__ABOUT THIS EXERCISE__. I need all the entries repeated exactly as written.

__THE RECORDS__.
From Pilot Require Import Defs.
From HB Require Import structures.
From mathcomp Require Import all_boot all_order all_algebra.
From mathcomp Require Import all_classical all_reals all_analysis.
From mathcomp Require Import ring lra.
Import Order.TTheory GRing.Theory Num.Theory numFieldNormedType.Exports.
Local Open Scope classical_set_scope.
Local Open Scope ring_scope.

Set Implicit Arguments. Unset Strict Implicit. Unset Printing Implicit Defensive.

(* By homogeneity of l1, the recession function l1hat(x, w0, w) is l1(x, w) on
   R_+ x C, so H(w0, w, a) = w0 D(a) + J(w), where D is the drift integrand and
   J(w) = |w| I(w / |w|) with I the impulsive integrand.  On W (w0 + |w| = 1)
   this is a convex combination of a value of D and a value of I, whence
   max_W H = max(H^dr, H^imp).  Along the extremal H attains this maximum a.e.
   and the maximum vanishes; since w0 D(a) <= 0 and J(w) <= 0, both vanish. *)

Section Euclidean.
Variables (R : realType) (k : nat).
Implicit Types (u v : 'rV[R]_k).

Lemma dotpDr u v v' : dotp u (v + v') = dotp u v + dotp u v'.
Proof. by rewrite /dotp -big_split; apply: eq_bigr => i _; rewrite mxE mulrDr. Qed.

Lemma dotpZr u v r : dotp u (r *: v) = r * dotp u v.
Proof. by rewrite /dotp mulr_sumr; apply: eq_bigr => i _; rewrite mxE mulrCA. Qed.

Lemma dotp0r u : dotp u 0 = 0.
Proof. by rewrite -(scale0r 0) dotpZr mul0r. Qed.

Lemma dotpp_ge0 v : 0 <= dotp v v.
Proof. by apply: sumr_ge0 => i _; rewrite -expr2 sqr_ge0. Qed.

Lemma enorm_ge0 v : 0 <= enorm v.
Proof. exact: sqrtr_ge0. Qed.

Lemma enorm0 : enorm (0 : 'rV[R]_k) = 0.
Proof. by rewrite /enorm dotp0r sqrtr0. Qed.

Lemma enormZ v r : 0 <= r -> enorm (r *: v) = r * enorm v.
Proof.
move=> r_ge0; rewrite /enorm; have -> : dotp (r *: v) (r *: v) = r ^+ 2 * dotp v v.
  by rewrite /dotp mulr_sumr; apply: eq_bigr => i _; rewrite !mxE expr2; ring.
by rewrite sqrtrM ?sqr_ge0 // sqrtr_sqr ger0_norm.
Qed.

Lemma enorm_gt0 v : v != 0 -> 0 < enorm v.
Proof.
move=> v_neq0; rewrite sqrtr_gt0 lt_neqAle dotpp_ge0 andbT eq_sym.
have sqr_entry_ge0 (j : 'I_k) : 0 <= v 0 j * v 0 j by rewrite -expr2 sqr_ge0.
apply: contra v_neq0 => /eqP v2_eq0; apply/eqP/rowP => i; apply/eqP.
by rewrite mxE -sqrf_eq0 expr2 (psumr_eq0P (fun j _ => sqr_entry_ge0 j) v2_eq0).
Qed.

Lemma entry_le_norm v i : `|v 0 i| <= `|v|.
Proof. by rewrite [leRHS]/Num.norm /= mx_normrE; apply/bigmax_geP; right; exists (0, i). Qed.

Lemma norm_le_enorm v : `|v| <= enorm v.
Proof.
rewrite [leLHS]/Num.norm /= mx_normrE; apply: bigmax_le => [|[i j] _]; first exact: enorm_ge0.
rewrite ord1 /= /enorm -sqrtr_sqr ler_sqrt ?dotpp_ge0 // /dotp (bigD1 j) //= -expr2 lerDl.
by apply: sumr_ge0 => l _; rewrite -expr2 sqr_ge0.
Qed.

Lemma dotp_le_norm u v : dotp u v <= (\sum_i `|u 0 i|) * `|v|.
Proof.
rewrite mulr_suml; apply: ler_sum => i _; apply: le_trans (ler_norm _) _.
by rewrite normrM ler_wpM2l ?entry_le_norm.
Qed.

End Euclidean.

Section ControlFields.
Variables (R : realType) (n m1 m2 : nat).
Variables (g : 'I_(m1 + m2) -> 'rV[R]_n -> 'rV[R]_n) (x : 'rV[R]_n).

Lemma gsumZ r w : gsum g x (r *: w) = r *: gsum g x w.
Proof. by rewrite /gsum scaler_sumr; apply: eq_bigr => i _; rewrite mxE scalerA. Qed.

Lemma gsum0 : gsum g x 0 = 0.
Proof. by rewrite -(scale0r 0) gsumZ scale0r. Qed.

Lemma dotp_gsum P w : dotp P (gsum g x w) = dotp (\row_i dotp P (g i x)) w.
Proof.
rewrite /dotp /gsum.
under eq_bigr => j _ do rewrite summxE mulr_sumr.
rewrite exchange_big; apply: eq_bigr => i _; rewrite mxE mulr_suml.
by apply: eq_bigr => j _; rewrite mxE mulrCA mulrC.
Qed.

End ControlFields.

Section ProductCone.
Variables (R : realType) (m1 m2 : nat) (C1 : set 'rV[R]_m1) (C2 : set 'rV[R]_m2).

Lemma Ccone_is_cone : is_cone C1 -> is_cone C2 -> is_cone (Ccone C1 C2).
Proof.
move=> [C1_0 C1Z] [C2_0 C2Z]; split; first by split; rewrite linear0.
by move=> r w r_ge0 [C1w C2w]; split; rewrite linearZ; [exact: C1Z | exact: C2Z].
Qed.

Lemma closed_Ccone : closed C1 -> closed C2 -> closed (Ccone C1 C2).
Proof.
move=> cC1 cC2; apply: closedI; apply: preimage_closed => // w _.
  exact: continuous_lsubmx.
exact: continuous_rsubmx.
Qed.

End ProductCone.

Lemma compactI_unit_ball (R : realType) k (C : set 'rV[R]_k) :
  closed C -> compact (C `&` [set v | `|v| <= 1]).
Proof.
move=> cC; apply: bounded_closed_compact.
  exists 1; split; first exact: num_real.
  by move=> M M_gt1 v [_ v_le1]; exact: le_trans v_le1 (ltW M_gt1).
apply: closedI cC _.
apply: (@preimage_closed _ _ (Num.norm : 'rV[R]_k -> R) [set r : R | r <= 1]).
  by move=> v _; exact: norm_continuous.
exact: closed_le.
Qed.

Lemma within_gt0_cvg_cst (R : realType) (F : R -> R) (t c L : R) : 0 <= t ->
  (forall r, 0 < r -> F r = c) ->
  F @ within [set r : R | 0 < r] t^' --> L -> L = c.
Proof.
move=> t_ge0 F_cst FL.
have finer : t^'+ `=>` within [set r : R | 0 < r] t^'.
  move=> B tB; apply: filterS (tB : nbhs t (fun r => r != t -> 0 < r -> B r)).
  by move=> r Br tr; apply: Br; [rewrite gt_eqF | exact: le_lt_trans tr].
have FL_right : F @ t^'+ --> L := cvg_trans (cvg_app F finer) FL.
have Fc_right : F @ t^'+ --> c.
  apply: cvg_trans (near_eq_cvg _) (cvg_cst c).
  by near=> r; rewrite F_cst //; apply: le_lt_trans t_ge0 _; near: r; exact: nbhs_right_gt.
exact: cvg_unique FL_right Fc_right.
Unshelve. all: by end_near.
Qed.

Lemma homogeneous_recessionE (R : realType) k (C : set 'rV[R]_k)
    (l : 'rV[R]_k -> R) (lhat : R -> 'rV[R]_k -> R) (t : R) w :
  (forall r v, 0 < r -> C v -> l (r *: v) = r * l v) -> 0 <= t -> C w ->
  (fun r => r * l (r^-1 *: w)) @ within [set r : R | 0 < r] t^' --> lhat t w ->
  lhat t w = l w.
Proof.
move=> l_hom t_ge0 Cw; apply: within_gt0_cvg_cst t_ge0 _ => r r_gt0.
by rewrite l_hom ?invr_gt0 // mulrA mulfV ?gt_eqF // mul1r.
Qed.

__OUTPUT OF THE EXERCISE__.
From Pilot Require Import Defs.
From HB Require Import structures.
From mathcomp Require Import all_boot all_order all_algebra.
From mathcomp Require Import all_classical all_reals all_analysis.
From mathcomp Require Import ring lra.
Import Order.TTheory GRing.Theory Num.Theory numFieldNormedType.Exports.
Local Open Scope classical_set_scope.
Local Open Scope ring_scope.

Set Implicit Arguments. Unset Strict Implicit. Unset Printing Implicit Defensive.

(* By homogeneity of l1, the recession function l1hat(x, w0, w) is l1(x, w) on
   R_+ x C, so H(w0, w, a) = w0 D(a) + J(w), where D is the drift integrand and
   J(w) = |w| I(w / |w|) with I the impulsive integrand.  On W (w0 + |w| = 1)
   this is a convex combination of a value of D and a value of I, whence
   max_W H = max(H^dr, H^imp).  Along the extremal H attains this maximum a.e.
   and the maximum vanishes; since w0 D(a) <= 0 and J(w) <= 0, both vanish. *)

Section Euclidean.
Variables (R : realType) (k : nat).
Implicit Types (u v : 'rV[R]_k).

Lemma dotpDr u v v' : dotp u (v + v') = dotp u v + dotp u v'.
Proof. by rewrite /dotp -big_split; apply: eq_bigr => i _; rewrite mxE mulrDr. Qed.

Lemma dotpZr u v r : dotp u (r *: v) = r * dotp u v.
Proof. by rewrite /dotp mulr_sumr; apply: eq_bigr => i _; rewrite mxE mulrCA. Qed.

Lemma dotp0r u : dotp u 0 = 0.
Proof. by rewrite -(scale0r 0) dotpZr mul0r. Qed.

Lemma dotpp_ge0 v : 0 <= dotp v v.
Proof. by apply: sumr_ge0 => i _; rewrite -expr2 sqr_ge0. Qed.

Lemma enorm_ge0 v : 0 <= enorm v.
Proof. exact: sqrtr_ge0. Qed.

Lemma enorm0 : enorm (0 : 'rV[R]_k) = 0.
Proof. by rewrite /enorm dotp0r sqrtr0. Qed.

Lemma enormZ v r : 0 <= r -> enorm (r *: v) = r * enorm v.
Proof.
move=> r_ge0; rewrite /enorm; have -> : dotp (r *: v) (r *: v) = r ^+ 2 * dotp v v.
  by rewrite /dotp mulr_sumr; apply: eq_bigr => i _; rewrite !mxE expr2; ring.
by rewrite sqrtrM ?sqr_ge0 // sqrtr_sqr ger0_norm.
Qed.

Lemma enorm_gt0 v : v != 0 -> 0 < enorm v.
Proof.
move=> v_neq0; rewrite sqrtr_gt0 lt_neqAle dotpp_ge0 andbT eq_sym.
have sqr_entry_ge0 (j : 'I_k) : 0 <= v 0 j * v 0 j by rewrite -expr2 sqr_ge0.
apply: contra v_neq0 => /eqP v2_eq0; apply/eqP/rowP => i; apply/eqP.
by rewrite mxE -sqrf_eq0 expr2 (psumr_eq0P (fun j _ => sqr_entry_ge0 j) v2_eq0).
Qed.

Lemma entry_le_norm v i : `|v 0 i| <= `|v|.
Proof. by rewrite [leRHS]/Num.norm /= mx_normrE; apply/bigmax_geP; right; exists (0, i). Qed.

Lemma norm_le_enorm v : `|v| <= enorm v.
Proof.
rewrite [leLHS]/Num.norm /= mx_normrE; apply: bigmax_le => [|[i j] _]; first exact: enorm_ge0.
rewrite ord1 /= /enorm -sqrtr_sqr ler_sqrt ?dotpp_ge0 // /dotp (bigD1 j) //= -expr2 lerDl.
by apply: sumr_ge0 => l _; rewrite -expr2 sqr_ge0.
Qed.

Lemma dotp_le_norm u v : dotp u v <= (\sum_i `|u 0 i|) * `|v|.
Proof.
rewrite mulr_suml; apply: ler_sum => i _; apply: le_trans (ler_norm _) _.
by rewrite normrM ler_wpM2l ?entry_le_norm.
Qed.

End Euclidean.

Section ControlFields.
Variables (R : realType) (n m1 m2 : nat).
Variables (g : 'I_(m1 + m2) -> 'rV[R]_n -> 'rV[R]_n) (x : 'rV[R]_n).

Lemma gsumZ r w : gsum g x (r *: w) = r *: gsum g x w.
Proof. by rewrite /gsum scaler_sumr; apply: eq_bigr => i _; rewrite mxE scalerA. Qed.

Lemma gsum0 : gsum g x 0 = 0.
Proof. by rewrite -(scale0r 0) gsumZ scale0r. Qed.

Lemma dotp_gsum P w : dotp P (gsum g x w) = dotp (\row_i dotp P (g i x)) w.
Proof.
rewrite /dotp /gsum.
under eq_bigr => j _ do rewrite summxE mulr_sumr.
rewrite exchange_big; apply: eq_bigr => i _; rewrite mxE mulr_suml.
by apply: eq_bigr => j _; rewrite mxE mulrCA mulrC.
Qed.

End ControlFields.

Section ProductCone.
Variables (R : realType) (m1 m2 : nat) (C1 : set 'rV[R]_m1) (C2 : set 'rV[R]_m2).

Lemma Ccone_is_cone : is_cone C1 -> is_cone C2 -> is_cone (Ccone C1 C2).
Proof.
move=> [C1_0 C1Z] [C2_0 C2Z]; split; first by split; rewrite linear0.
by move=> r w r_ge0 [C1w C2w]; split; rewrite linearZ; [exact: C1Z | exact: C2Z].
Qed.

Lemma closed_Ccone : closed C1 -> closed C2 -> closed (Ccone C1 C2).
Proof.
move=> cC1 cC2; apply: closedI; apply: preimage_closed => // w _.
  exact: continuous_lsubmx.
exact: continuous_rsubmx.
Qed.

End ProductCone.

Lemma compactI_unit_ball (R : realType) k (C : set 'rV[R]_k) :
  closed C -> compact (C `&` [set v | `|v| <= 1]).
Proof.
move=> cC; apply: bounded_closed_compact.
  exists 1; split; first exact: num_real.
  by move=> M M_gt1 v [_ v_le1]; exact: le_trans v_le1 (ltW M_gt1).
apply: closedI cC _.
apply: (@preimage_closed _ _ (Num.norm : 'rV[R]_k -> R) [set r : R | r <= 1]).
  by move=> v _; exact: norm_continuous.
exact: closed_le.
Qed.

Lemma within_gt0_cvg_cst (R : realType) (F : R -> R) (t c L : R) : 0 <= t ->
  (forall r, 0 < r -> F r = c) ->
  F @ within [set r : R | 0 < r] t^' --> L -> L = c.
Proof.
move=> t_ge0 F_cst FL.
have finer : t^'+ `=>` within [set r : R | 0 < r] t^'.
  move=> B tB; apply: filterS (tB : nbhs t (fun r => r != t -> 0 < r -> B r)).
  by move=> r Br tr; apply: Br; [rewrite gt_eqF | exact: le_lt_trans tr].
have FL_right : F @ t^'+ --> L := cvg_trans (cvg_app F finer) FL.
have Fc_right : F @ t^'+ --> c.
  apply: cvg_trans (near_eq_cvg _) (cvg_cst c).
  by near=> r; rewrite F_cst //; apply: le_lt_trans t_ge0 _; near: r; exact: nbhs_right_gt.
exact: cvg_unique FL_right Fc_right.
Unshelve. all: by end_near.
Qed.

Lemma homogeneous_recessionE (R : realType) k (C : set 'rV[R]_k)
    (l : 'rV[R]_k -> R) (lhat : R -> 'rV[R]_k -> R) (t : R) w :
  (forall r v, 0 < r -> C v -> l (r *: v) = r * l v) -> 0 <= t -> C w ->
  (fun r => r * l (r^-1 *: w)) @ within [set r : R | 0 < r] t^' --> lhat t w ->
  lhat t w = l w.
Proof.
move=> l_hom t_ge0 Cw; apply: within_gt0_cvg_cst t_ge0 _ => r r_gt0.
by rewrite l_hom ?invr_gt0 // mulrA mulfV ?gt_eqF // mul1r.
Qed.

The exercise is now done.